» **YOUR ASSIGNMENT**
Please report how many lines in the data underneath hold the word "elim", with no other text.

Dataset entries
* * * * *

Fixpoint server_iter D Sn C (Delta : nat) (P : vec D -> vec D) (alpha : nat -> R)
    (W : nat -> nat -> 'I_Sn -> 'I_C -> R) (g : 'I_C -> vec D -> vec D)
    (x00 : vec D) (k : nat) : vec D :=
  match k with
  | O => x00
  | k'.+1 =>
      vscale (1 / INR Sn)
        (vsum (fun J : 'I_Sn =>
           local_iter P alpha W g k' (server_iter Delta P alpha W g x00 k') J Delta))
  end.

(* C_0^2 at iteration k (indices shifted: i' = i-1, t' = t-1). *)
Definition C0sq Sn C (Delta : nat) (W : nat -> nat -> 'I_Sn -> 'I_C -> R)
    (L : 'I_C -> R) (k : nat) : R :=
  let A := fun (m : nat) (J : 'I_Sn) => rsum (fun h : 'I_C => W m k J h * L h) in
  rsum (fun J : 'I_Sn => rsum (fun i : 'I_Delta =>
     (A i J) ^ 2 + 2 * A i J * rsum (fun t : 'I_i => A t J))).

(* Projection onto X is nonexpansive, so a step
   z' = P (z - a d) satisfies |z' - y|^2 <= |z - y|^2 - 2a<z - y, d> + a^2 |d|^2,
   where d = sum_h W[J,h] g_h(z) has norm at most A = sum_h W[J,h] L_h.
   Convexity gives <z - y, g_h(z)> >= f_h(x) - f_h(y) - L_h |z - x|, and the
   drift |z - x| after i steps is at most a times the sum of the earlier A's;
   this is the source of the cross terms in C_0^2.  Averaging the servers
   does not increase the mean squared distance to y, and the SLC collapses
   the weighted gaps f_h(x) - f_h(y) to M (f(x) - f(y)). *)

From HB Require Import structures.
From mathcomp Require Import all_boot.
From Stdlib Require Import Reals Lra FunctionalExtensionality.
Local Open Scope R_scope.
Set Implicit Arguments. Unset Strict Implicit.

Lemma Rplus_associative : associative Rplus.
Proof. by move=> x y z; rewrite Rplus_assoc. Qed.
HB.instance Definition _ :=
  Monoid.isComLaw.Build R 0 Rplus Rplus_associative Rplus_comm Rplus_0_l.

Lemma rsum0 (F : 'I_0 -> R) : rsum F = 0.
Proof. by rewrite /rsum big_ord0. Qed.

Lemma rsumS n (F : 'I_n.+1 -> R) :
  rsum F = rsum (fun i : 'I_n => F (widen_ord (leqnSn n) i)) + F ord_max.
Proof. by rewrite /rsum big_ord_recr. Qed.

Lemma rsum_eq n (F G : 'I_n -> R) : (forall i, F i = G i) -> rsum F = rsum G.
Proof. by move=> FG; apply: eq_bigr. Qed.

Lemma rsum_plus n (F G : 'I_n -> R) : rsum (fun i => F i + G i) = rsum F + rsum G.
Proof. by rewrite /rsum big_split. Qed.

Lemma rsum_minus n (F G : 'I_n -> R) : rsum (fun i => F i - G i) = rsum F - rsum G.
Proof.
elim: n F G => [|n IH] F G; first by rewrite !rsum0; ring.
by rewrite !rsumS IH; ring.
Qed.

Lemma rsum_scal n a (F : 'I_n -> R) : rsum (fun i => a * F i) = a * rsum F.
Proof.
elim: n F => [|n IH] F; first by rewrite !rsum0; ring.
by rewrite !rsumS IH; ring.
Qed.

Lemma rsum_const n a : rsum (fun _ : 'I_n => a) = INR n * a.
Proof.
elim: n => [|n IH]; first by rewrite rsum0 /=; ring.
by rewrite rsumS IH S_INR; ring.
Qed.

Lemma rsum_le n (F G : 'I_n -> R) : (forall i, F i <= G i) -> rsum F <= rsum G.
Proof.
move=> FG; rewrite /rsum; elim/big_ind2: _ => //; first exact: Rle_refl.
by move=> *; apply: Rplus_le_compat.
Qed.

Lemma rsum_ge0 n (F : 'I_n -> R) : (forall i, 0 <= F i) -> 0 <= rsum F.
Proof. by move=> F0; rewrite /rsum; elim/big_ind: _ => // *; lra. Qed.

Lemma rsum_swap m n (F : 'I_m -> 'I_n -> R) :
  rsum (fun i => rsum (fun j => F i j)) = rsum (fun j => rsum (fun i => F i j)).
Proof. exact: exchange_big. Qed.

Lemma vsum_coord D n (F : 'I_n -> vec D) i : vsum F i = rsum (fun j => F j i).
Proof. by apply: (big_morph (fun v : vec D => v i)). Qed.

Section InnerProduct.
Variable D : nat.
Implicit Types x y : vec D.

Lemma dot_eq x x' y y' :
  (forall i, x i = x' i) -> (forall i, y i = y' i) -> dot x y = dot x' y'.
Proof. by move=> Ex Ey; apply: rsum_eq => i; rewrite Ex Ey. Qed.
Lemma binval_cylinder_code_off_1 (alpha : nat -> nat) (N c c' : nat) :
  c <> 1%nat -> c' <> 1%nat ->
  binval (beta A1 (cylinder_code alpha N c)) = binval (beta A1 (cylinder_code alpha N c')).
Proof.
  intros c1 c'1. unfold binval. apply Series_ext. intros n.
  now rewrite (beta_cylinder_code_off_1 alpha N c c').
Qed.

End BinaryCode.

Theorem theorem3
  (s : nat) (hs2 : (2 < s)%nat)
  (A0 A1 : nat -> bool)
  (hA0s : forall d, A0 d = true -> (d < s)%nat)
  (hA1s : forall d, A1 d = true -> (d < s)%nat)
  (hdisj : forall d, ~ (A0 d = true /\ A1 d = true))
  (hcover : forall d, (d < s)%nat -> A0 d = true \/ A1 d = true)
  (hA0prop : exists d, (d < s)%nat /\ A0 d = false)
  (hA1prop : exists d, (d < s)%nat /\ A1 d = false)
  (h_s h_2 : R -> R)
  (Hs : cont_strict_mono_surj01 h_s)
  (H2 : cont_strict_mono_surj01 h_2)
  (f : R -> R)
  (Hf : forall alpha : nat -> nat, (forall n, (alpha n < s)%nat) ->
          f (h_s (sadic s alpha)) = h_2 (binval (beta A1 alpha))) :
  ~ (exists a b, 0 <= a /\ a < b /\ b <= 1 /\ monotone_on_open f a b).
Proof.
  intros [a [b [a0 [ab [b1 f_mono]]]]].
  destruct Hs as [_ [hs_mono [_ hs_surj]]].
  destruct H2 as [_ [h2_mono _]].
  destruct (strictly_monotone01_interval_preimage h_s hs_mono a b hs_surj a0 ab b1)
    as [p [q [p0 [pq [q1 hs_ab]]]]].
  destruct (sadic_cylinder_in_interval s ltac:(lia) p q p0 pq q1)
    as [alpha [N [alpha_digits [p_le le_q]]]].
  set (u c := sadic s (cylinder_code alpha N c)).
  destruct (sadic_cylinder_code_le s ltac:(lia) alpha N 0 1) as [u0_ge [u01 _]]; try lia.
  destruct (sadic_cylinder_code_le s ltac:(lia) alpha N 1 2) as [_ [u12 u2_le]]; try lia.
  assert (u0_01 : in01 (u 0%nat)) by (unfold u, in01; lra).
  assert (u2_01 : in01 (u 2%nat)) by (unfold u, in01; lra).
  assert (f_eq : f (h_s (u 0%nat)) = f (h_s (u 2%nat))).
  { unfold u. rewrite !Hf by (apply cylinder_code_digits; auto; lia).
    now rewrite (binval_cylinder_code_off_1 A1 alpha N 0 2). }
  assert (f_neq : f (h_s (u 1%nat)) <> f (h_s (u 0%nat))).
  { unfold u. rewrite !Hf by (apply cylinder_code_digits; auto; lia).
    intros h2_eq. apply strictly_monotone01_inj in h2_eq; try apply binval_in01; auto.
    exact (binval_cylinder_code_1_0 A1 alpha N h2_eq). }
  apply f_neq, (monotone_on_open_between f a b _ _ (h_s (u 2%nat))); auto.
  - apply hs_ab. unfold u. lra.
  - apply hs_ab. unfold u. lra.
  - apply (strictly_monotone01_between h_s hs_mono); auto.
Qed.
(* Let $X$ be a compact Hausdorff space with a continuous injective right action of $P$ such that $X\rtimes P$ admits a Haar system, and put $X_0:=X\,Int(P)$. Let $(s_n)$ be a sequence in $Int(P)$ with $s_{n+1}^{-1}s_n\in Int(P)$ for all $n$ and $s_n\to e$, let $a\in Int(P)$, put $t_n:=s_n^{-1}a$ and assume $t_n\in Int(P)$ for all $n$. Then $X_0t_{n+1}\subset X_0t_n$ for every $n$ and $\bigcap_n X_0t_n=Xa$; i.e. the indicator functions $1_{X_0t_n}$ decrease pointwise to $1_{Xa}$.
   Context: Standing assumptions: $G$ is a second countable locally compact group with left Haar measure $dg$; $P\subset G$ is a closed subsemigroup with identity $e\in P$, such that $G=PP^{-1}$ and the interior $Int(P)$ of $P$ is dense in $P$. For $S\subset X$ and $b\in P$, $Sb=\{yb:y\in S\}$; $X_0=\{xb:x\in X,b\in Int(P)\}$. Semidirect product groupoid: for a compact Hausdorff space $X$ with a continuous right action of $P$ such that each $x\mapsto xa$ is injective, $X\rtimes P:=\{(x,g)\in X\times G:\exists a,b\in P,\ y\in X \text{ with } g=ab^{-1},\ xa=yb\}$, with the subspace topology of $X\times G$ and groupoid operations $(x,g,y)(y,h,z)=(x,gh,z)$, $(x,g,y)^{-1}=(y,g^{-1},x)$. For $x\in X$, $Q_x:=\{g:(x,g)\in X\rtimes P\}$ and $\lambda^x$ is given by $\int\phi\,d\lambda^x=\int\phi(x,g)1_{Q_x}(g)\,dg$. ''$X\rtimes P$ admits a Haar system'' means $x\mapsto\int\phi\,d\lambda^x$ is continuous for every $\phi\in C_c(X\rtimes P)$. *)

From Stdlib Require Import Reals List Classical ClassicalEpsilon.
Open Scope R_scope.

Definition is_topology {T : Type} (opn : (T -> Prop) -> Prop) : Prop :=
  opn (fun _ => True) /\
  (forall U V, opn U -> opn V -> opn (fun x => U x /\ V x)) /\
  (forall F : (T -> Prop) -> Prop, (forall U, F U -> opn U) ->
       opn (fun x => exists U, F U /\ U x)).

Definition is_closed {T : Type} (opn : (T -> Prop) -> Prop) (A : T -> Prop) : Prop :=
  opn (fun x => ~ A x).

Definition int_of {T : Type} (opn : (T -> Prop) -> Prop) (A : T -> Prop) (x : T) : Prop :=
  exists U, opn U /\ U x /\ (forall y, U y -> A y).

Definition covered_by {T : Type} (l : list (T -> Prop)) (x : T) : Prop :=
  exists U, In U l /\ U x.

Definition is_compact {T : Type} (opn : (T -> Prop) -> Prop) (K : T -> Prop) : Prop :=
  forall F : (T -> Prop) -> Prop,
    (forall U, F U -> opn U) ->
    (forall x, K x -> exists U, F U /\ U x) ->
    exists l : list (T -> Prop), Forall F l /\ (forall x, K x -> covered_by l x).

Definition is_hausdorff {T : Type} (opn : (T -> Prop) -> Prop) : Prop :=
  forall x y, x <> y -> exists U V, opn U /\ opn V /\ U x /\ V y /\
    (forall z, U z -> V z -> False).

Definition locally_compact {T : Type} (opn : (T -> Prop) -> Prop) : Prop :=
  forall x, exists U K, opn U /\ U x /\ is_compact opn K /\ (forall y, U y -> K y).

Definition second_countable {T : Type} (opn : (T -> Prop) -> Prop) : Prop :=
  exists B : nat -> (T -> Prop), (forall n, opn (B n)) /\
    (forall U x, opn U -> U x -> exists n, B n x /\ (forall y, B n y -> U y)).

Definition prod_open {T1 T2 : Type} (o1 : (T1 -> Prop) -> Prop) (o2 : (T2 -> Prop) -> Prop)
  (O : T1 * T2 -> Prop) : Prop :=
  forall z, O z -> exists V W, o1 V /\ o2 W /\ V (fst z) /\ W (snd z) /\
    (forall x y, V x -> W y -> O (x, y)).

Definition seq_conv {T : Type} (opn : (T -> Prop) -> Prop) (u : nat -> T) (l : T) : Prop :=
  forall U, opn U -> U l -> exists N, forall n, (N <= n)%nat -> U (u n).

Definition cont_R {T : Type} (opn : (T -> Prop) -> Prop) (f : T -> R) : Prop :=
  forall x eps, 0 < eps -> exists V, opn V /\ V x /\ (forall y, V y -> Rabs (f y - f x) < eps).

Definition is_top_group {G : Type} (opn : (G -> Prop) -> Prop)
  (mul : G -> G -> G) (inv : G -> G) (e : G) : Prop :=
  is_topology opn /\
  (forall a b c, mul (mul a b) c = mul a (mul b c)) /\
  (forall a, mul e a = a) /\ (forall a, mul a e = a) /\
  (forall a, mul (inv a) a = e) /\ (forall a, mul a (inv a) = e) /\
  (forall a b U, opn U -> U (mul a b) ->
     exists V W, opn V /\ opn W /\ V a /\ W b /\ (forall c d, V c -> W d -> U (mul c d))) /\
  (forall a U, opn U -> U (inv a) -> exists V, opn V /\ V a /\ (forall c, V c -> U (inv c))).

Definition sigma_algebra {T : Type} (S : (T -> Prop) -> Prop) : Prop :=
  S (fun _ => True) /\
  (forall A, S A -> S (fun x => ~ A x)) /\
  (forall A : nat -> (T -> Prop), (forall n, S (A n)) -> S (fun x => exists n, A n x)).

Definition borel {T : Type} (opn : (T -> Prop) -> Prop) (A : T -> Prop) : Prop :=
  forall S, sigma_algebra S -> (forall U, opn U -> S U) -> S A.

(* a measure takes values in [0, +oo]; None stands for +oo *)
Definition partial_sum (u : nat -> R) (n : nat) : R := sum_f_R0 u n.

Definition borel_measure {T : Type} (opn : (T -> Prop) -> Prop)
  (mu : (T -> Prop) -> option R) : Prop :=
  mu (fun _ => False) = Some 0 /\
  (forall A r, borel opn A -> mu A = Some r -> 0 <= r) /\
  (forall A : nat -> (T -> Prop),
     (forall n, borel opn (A n)) ->
     (forall n m x, n <> m -> A n x -> A m x -> False) ->
     forall l, mu (fun x => exists n, A n x) = Some l <->
       exists r : nat -> R, (forall n, mu (A n) = Some (r n)) /\ Un_cv (partial_sum r) l).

* * * * *

» **SOLVED EXERCISE**
5